§ **LISTED RECORDS**:
^^^^^^^^^^^^^^^^
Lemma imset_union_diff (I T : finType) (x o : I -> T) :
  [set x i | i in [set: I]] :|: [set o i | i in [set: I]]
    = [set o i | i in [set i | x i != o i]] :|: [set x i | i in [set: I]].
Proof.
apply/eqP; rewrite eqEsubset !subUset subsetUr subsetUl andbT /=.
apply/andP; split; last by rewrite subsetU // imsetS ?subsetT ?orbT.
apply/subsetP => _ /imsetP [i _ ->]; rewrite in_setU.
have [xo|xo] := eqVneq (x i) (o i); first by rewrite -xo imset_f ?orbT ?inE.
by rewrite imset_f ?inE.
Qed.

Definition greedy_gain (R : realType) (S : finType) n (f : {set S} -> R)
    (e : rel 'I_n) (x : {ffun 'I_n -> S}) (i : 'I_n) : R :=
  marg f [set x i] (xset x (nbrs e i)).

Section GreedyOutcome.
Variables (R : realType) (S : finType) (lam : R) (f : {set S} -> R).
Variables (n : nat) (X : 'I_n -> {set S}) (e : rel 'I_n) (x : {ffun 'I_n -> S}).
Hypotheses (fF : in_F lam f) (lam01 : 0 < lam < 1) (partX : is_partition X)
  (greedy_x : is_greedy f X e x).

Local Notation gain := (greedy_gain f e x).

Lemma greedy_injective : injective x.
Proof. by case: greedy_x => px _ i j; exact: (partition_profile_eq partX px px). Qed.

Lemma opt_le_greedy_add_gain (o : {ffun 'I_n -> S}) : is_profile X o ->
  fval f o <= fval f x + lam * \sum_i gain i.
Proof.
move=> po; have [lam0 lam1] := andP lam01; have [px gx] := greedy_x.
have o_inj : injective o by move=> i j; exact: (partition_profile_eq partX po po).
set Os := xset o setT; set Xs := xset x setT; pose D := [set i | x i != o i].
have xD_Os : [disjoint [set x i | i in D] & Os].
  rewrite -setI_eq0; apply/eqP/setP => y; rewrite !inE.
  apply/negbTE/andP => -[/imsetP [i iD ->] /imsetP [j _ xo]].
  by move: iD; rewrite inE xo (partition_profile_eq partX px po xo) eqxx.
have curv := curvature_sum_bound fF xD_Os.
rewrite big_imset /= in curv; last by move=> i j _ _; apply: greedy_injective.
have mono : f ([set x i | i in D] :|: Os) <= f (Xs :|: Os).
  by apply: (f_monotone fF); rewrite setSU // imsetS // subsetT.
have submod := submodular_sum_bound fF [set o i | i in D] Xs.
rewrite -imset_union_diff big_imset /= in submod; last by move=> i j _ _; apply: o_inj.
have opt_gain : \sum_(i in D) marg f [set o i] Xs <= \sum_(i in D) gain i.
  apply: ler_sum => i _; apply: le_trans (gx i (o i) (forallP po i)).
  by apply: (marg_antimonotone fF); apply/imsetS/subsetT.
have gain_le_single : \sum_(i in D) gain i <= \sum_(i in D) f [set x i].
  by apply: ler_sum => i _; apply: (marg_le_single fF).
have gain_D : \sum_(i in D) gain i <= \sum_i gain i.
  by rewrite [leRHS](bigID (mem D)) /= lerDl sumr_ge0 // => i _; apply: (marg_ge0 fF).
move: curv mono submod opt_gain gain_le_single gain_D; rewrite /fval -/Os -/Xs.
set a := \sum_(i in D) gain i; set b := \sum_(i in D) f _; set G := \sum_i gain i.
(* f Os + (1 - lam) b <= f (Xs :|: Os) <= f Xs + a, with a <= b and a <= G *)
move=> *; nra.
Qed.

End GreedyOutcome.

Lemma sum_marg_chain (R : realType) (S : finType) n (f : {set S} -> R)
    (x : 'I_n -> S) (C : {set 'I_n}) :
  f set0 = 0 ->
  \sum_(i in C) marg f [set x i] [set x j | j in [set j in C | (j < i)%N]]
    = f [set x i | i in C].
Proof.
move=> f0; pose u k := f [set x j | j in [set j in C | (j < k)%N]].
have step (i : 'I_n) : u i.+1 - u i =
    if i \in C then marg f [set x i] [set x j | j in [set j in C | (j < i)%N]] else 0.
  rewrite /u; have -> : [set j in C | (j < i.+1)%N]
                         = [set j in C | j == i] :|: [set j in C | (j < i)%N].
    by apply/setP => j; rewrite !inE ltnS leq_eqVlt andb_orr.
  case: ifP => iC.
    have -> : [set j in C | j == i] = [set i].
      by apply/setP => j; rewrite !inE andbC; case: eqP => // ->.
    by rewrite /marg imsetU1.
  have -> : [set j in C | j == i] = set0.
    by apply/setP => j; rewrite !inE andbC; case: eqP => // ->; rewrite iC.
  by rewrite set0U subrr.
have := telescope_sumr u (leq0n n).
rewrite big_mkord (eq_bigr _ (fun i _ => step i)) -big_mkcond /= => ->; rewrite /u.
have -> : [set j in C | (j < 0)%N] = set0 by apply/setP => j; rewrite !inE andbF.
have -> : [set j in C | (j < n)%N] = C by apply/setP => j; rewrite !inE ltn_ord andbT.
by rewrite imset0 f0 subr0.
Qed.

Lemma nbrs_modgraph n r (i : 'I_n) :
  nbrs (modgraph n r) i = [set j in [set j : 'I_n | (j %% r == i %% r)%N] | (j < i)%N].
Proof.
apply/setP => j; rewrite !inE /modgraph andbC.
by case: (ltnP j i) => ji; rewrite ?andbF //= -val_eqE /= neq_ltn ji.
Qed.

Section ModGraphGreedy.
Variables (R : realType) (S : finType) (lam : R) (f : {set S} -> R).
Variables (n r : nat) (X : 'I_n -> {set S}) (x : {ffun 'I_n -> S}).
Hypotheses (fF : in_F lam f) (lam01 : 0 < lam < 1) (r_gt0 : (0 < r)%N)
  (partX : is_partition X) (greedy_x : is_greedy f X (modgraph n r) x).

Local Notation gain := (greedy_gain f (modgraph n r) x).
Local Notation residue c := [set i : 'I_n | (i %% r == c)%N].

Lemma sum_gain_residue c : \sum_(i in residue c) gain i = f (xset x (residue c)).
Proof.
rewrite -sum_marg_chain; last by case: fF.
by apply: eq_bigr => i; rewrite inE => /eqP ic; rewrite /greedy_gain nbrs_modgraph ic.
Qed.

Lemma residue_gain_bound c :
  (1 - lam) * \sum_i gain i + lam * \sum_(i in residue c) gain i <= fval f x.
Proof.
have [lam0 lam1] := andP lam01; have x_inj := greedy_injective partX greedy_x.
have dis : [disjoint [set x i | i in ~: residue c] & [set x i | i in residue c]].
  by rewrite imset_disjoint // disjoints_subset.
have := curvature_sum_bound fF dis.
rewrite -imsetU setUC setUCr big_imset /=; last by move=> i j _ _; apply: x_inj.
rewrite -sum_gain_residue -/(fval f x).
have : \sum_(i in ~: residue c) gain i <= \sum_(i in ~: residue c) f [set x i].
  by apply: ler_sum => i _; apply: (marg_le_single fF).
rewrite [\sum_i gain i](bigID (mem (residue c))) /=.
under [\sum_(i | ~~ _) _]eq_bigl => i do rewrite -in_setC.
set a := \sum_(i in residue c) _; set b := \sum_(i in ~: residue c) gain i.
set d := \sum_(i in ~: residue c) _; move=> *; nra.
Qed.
^^^^^^^^^^^^^^^^
§ **WORK ITEM**: Write the entries out a second time. Match them exactly.

§ **EXERCISE OUTPUT**:
Lemma imset_union_diff (I T : finType) (x o : I -> T) :
  [set x i | i in [set: I]] :|: [set o i | i in [set: I]]
    = [set o i | i in [set i | x i != o i]] :|: [set x i | i in [set: I]].
Proof.
apply/eqP; rewrite eqEsubset !subUset subsetUr subsetUl andbT /=.
apply/andP; split; last by rewrite subsetU // imsetS ?subsetT ?orbT.
apply/subsetP => _ /imsetP [i _ ->]; rewrite in_setU.
have [xo|xo] := eqVneq (x i) (o i); first by rewrite -xo imset_f ?orbT ?inE.
by rewrite imset_f ?inE.
Qed.

Definition greedy_gain (R : realType) (S : finType) n (f : {set S} -> R)
    (e : rel 'I_n) (x : {ffun 'I_n -> S}) (i : 'I_n) : R :=
  marg f [set x i] (xset x (nbrs e i)).

Section GreedyOutcome.
Variables (R : realType) (S : finType) (lam : R) (f : {set S} -> R).
Variables (n : nat) (X : 'I_n -> {set S}) (e : rel 'I_n) (x : {ffun 'I_n -> S}).
Hypotheses (fF : in_F lam f) (lam01 : 0 < lam < 1) (partX : is_partition X)
  (greedy_x : is_greedy f X e x).

Local Notation gain := (greedy_gain f e x).

Lemma greedy_injective : injective x.
Proof. by case: greedy_x => px _ i j; exact: (partition_profile_eq partX px px). Qed.

Lemma opt_le_greedy_add_gain (o : {ffun 'I_n -> S}) : is_profile X o ->
  fval f o <= fval f x + lam * \sum_i gain i.
Proof.
move=> po; have [lam0 lam1] := andP lam01; have [px gx] := greedy_x.
have o_inj : injective o by move=> i j; exact: (partition_profile_eq partX po po).
set Os := xset o setT; set Xs := xset x setT; pose D := [set i | x i != o i].
have xD_Os : [disjoint [set x i | i in D] & Os].
  rewrite -setI_eq0; apply/eqP/setP => y; rewrite !inE.
  apply/negbTE/andP => -[/imsetP [i iD ->] /imsetP [j _ xo]].
  by move: iD; rewrite inE xo (partition_profile_eq partX px po xo) eqxx.
have curv := curvature_sum_bound fF xD_Os.
rewrite big_imset /= in curv; last by move=> i j _ _; apply: greedy_injective.
have mono : f ([set x i | i in D] :|: Os) <= f (Xs :|: Os).
  by apply: (f_monotone fF); rewrite setSU // imsetS // subsetT.
have submod := submodular_sum_bound fF [set o i | i in D] Xs.
rewrite -imset_union_diff big_imset /= in submod; last by move=> i j _ _; apply: o_inj.
have opt_gain : \sum_(i in D) marg f [set o i] Xs <= \sum_(i in D) gain i.
  apply: ler_sum => i _; apply: le_trans (gx i (o i) (forallP po i)).
  by apply: (marg_antimonotone fF); apply/imsetS/subsetT.
have gain_le_single : \sum_(i in D) gain i <= \sum_(i in D) f [set x i].
  by apply: ler_sum => i _; apply: (marg_le_single fF).
have gain_D : \sum_(i in D) gain i <= \sum_i gain i.
  by rewrite [leRHS](bigID (mem D)) /= lerDl sumr_ge0 // => i _; apply: (marg_ge0 fF).
move: curv mono submod opt_gain gain_le_single gain_D; rewrite /fval -/Os -/Xs.
set a := \sum_(i in D) gain i; set b := \sum_(i in D) f _; set G := \sum_i gain i.
(* f Os + (1 - lam) b <= f (Xs :|: Os) <= f Xs + a, with a <= b and a <= G *)
move=> *; nra.
Qed.

End GreedyOutcome.

Lemma sum_marg_chain (R : realType) (S : finType) n (f : {set S} -> R)
    (x : 'I_n -> S) (C : {set 'I_n}) :
  f set0 = 0 ->
  \sum_(i in C) marg f [set x i] [set x j | j in [set j in C | (j < i)%N]]
    = f [set x i | i in C].
Proof.
move=> f0; pose u k := f [set x j | j in [set j in C | (j < k)%N]].
have step (i : 'I_n) : u i.+1 - u i =
    if i \in C then marg f [set x i] [set x j | j in [set j in C | (j < i)%N]] else 0.
  rewrite /u; have -> : [set j in C | (j < i.+1)%N]
                         = [set j in C | j == i] :|: [set j in C | (j < i)%N].
    by apply/setP => j; rewrite !inE ltnS leq_eqVlt andb_orr.
  case: ifP => iC.
    have -> : [set j in C | j == i] = [set i].
      by apply/setP => j; rewrite !inE andbC; case: eqP => // ->.
    by rewrite /marg imsetU1.
  have -> : [set j in C | j == i] = set0.
    by apply/setP => j; rewrite !inE andbC; case: eqP => // ->; rewrite iC.
  by rewrite set0U subrr.
have := telescope_sumr u (leq0n n).
rewrite big_mkord (eq_bigr _ (fun i _ => step i)) -big_mkcond /= => ->; rewrite /u.
have -> : [set j in C | (j < 0)%N] = set0 by apply/setP => j; rewrite !inE andbF.
have -> : [set j in C | (j < n)%N] = C by apply/setP => j; rewrite !inE ltn_ord andbT.
by rewrite imset0 f0 subr0.
Qed.

Lemma nbrs_modgraph n r (i : 'I_n) :
  nbrs (modgraph n r) i = [set j in [set j : 'I_n | (j %% r == i %% r)%N] | (j < i)%N].
Proof.
apply/setP => j; rewrite !inE /modgraph andbC.
by case: (ltnP j i) => ji; rewrite ?andbF //= -val_eqE /= neq_ltn ji.
Qed.

Section ModGraphGreedy.
Variables (R : realType) (S : finType) (lam : R) (f : {set S} -> R).
Variables (n r : nat) (X : 'I_n -> {set S}) (x : {ffun 'I_n -> S}).
Hypotheses (fF : in_F lam f) (lam01 : 0 < lam < 1) (r_gt0 : (0 < r)%N)
  (partX : is_partition X) (greedy_x : is_greedy f X (modgraph n r) x).

Local Notation gain := (greedy_gain f (modgraph n r) x).
Local Notation residue c := [set i : 'I_n | (i %% r == c)%N].

Lemma sum_gain_residue c : \sum_(i in residue c) gain i = f (xset x (residue c)).
Proof.
rewrite -sum_marg_chain; last by case: fF.
by apply: eq_bigr => i; rewrite inE => /eqP ic; rewrite /greedy_gain nbrs_modgraph ic.
Qed.

Lemma residue_gain_bound c :
  (1 - lam) * \sum_i gain i + lam * \sum_(i in residue c) gain i <= fval f x.
Proof.
have [lam0 lam1] := andP lam01; have x_inj := greedy_injective partX greedy_x.
have dis : [disjoint [set x i | i in ~: residue c] & [set x i | i in residue c]].
  by rewrite imset_disjoint // disjoints_subset.
have := curvature_sum_bound fF dis.
rewrite -imsetU setUC setUCr big_imset /=; last by move=> i j _ _; apply: x_inj.
rewrite -sum_gain_residue -/(fval f x).
have : \sum_(i in ~: residue c) gain i <= \sum_(i in ~: residue c) f [set x i].
  by apply: ler_sum => i _; apply: (marg_le_single fF).
rewrite [\sum_i gain i](bigID (mem (residue c))) /=.
under [\sum_(i | ~~ _) _]eq_bigl => i do rewrite -in_setC.
set a := \sum_(i in residue c) _; set b := \sum_(i in ~: residue c) gain i.
set d := \sum_(i in ~: residue c) _; move=> *; nra.
Qed.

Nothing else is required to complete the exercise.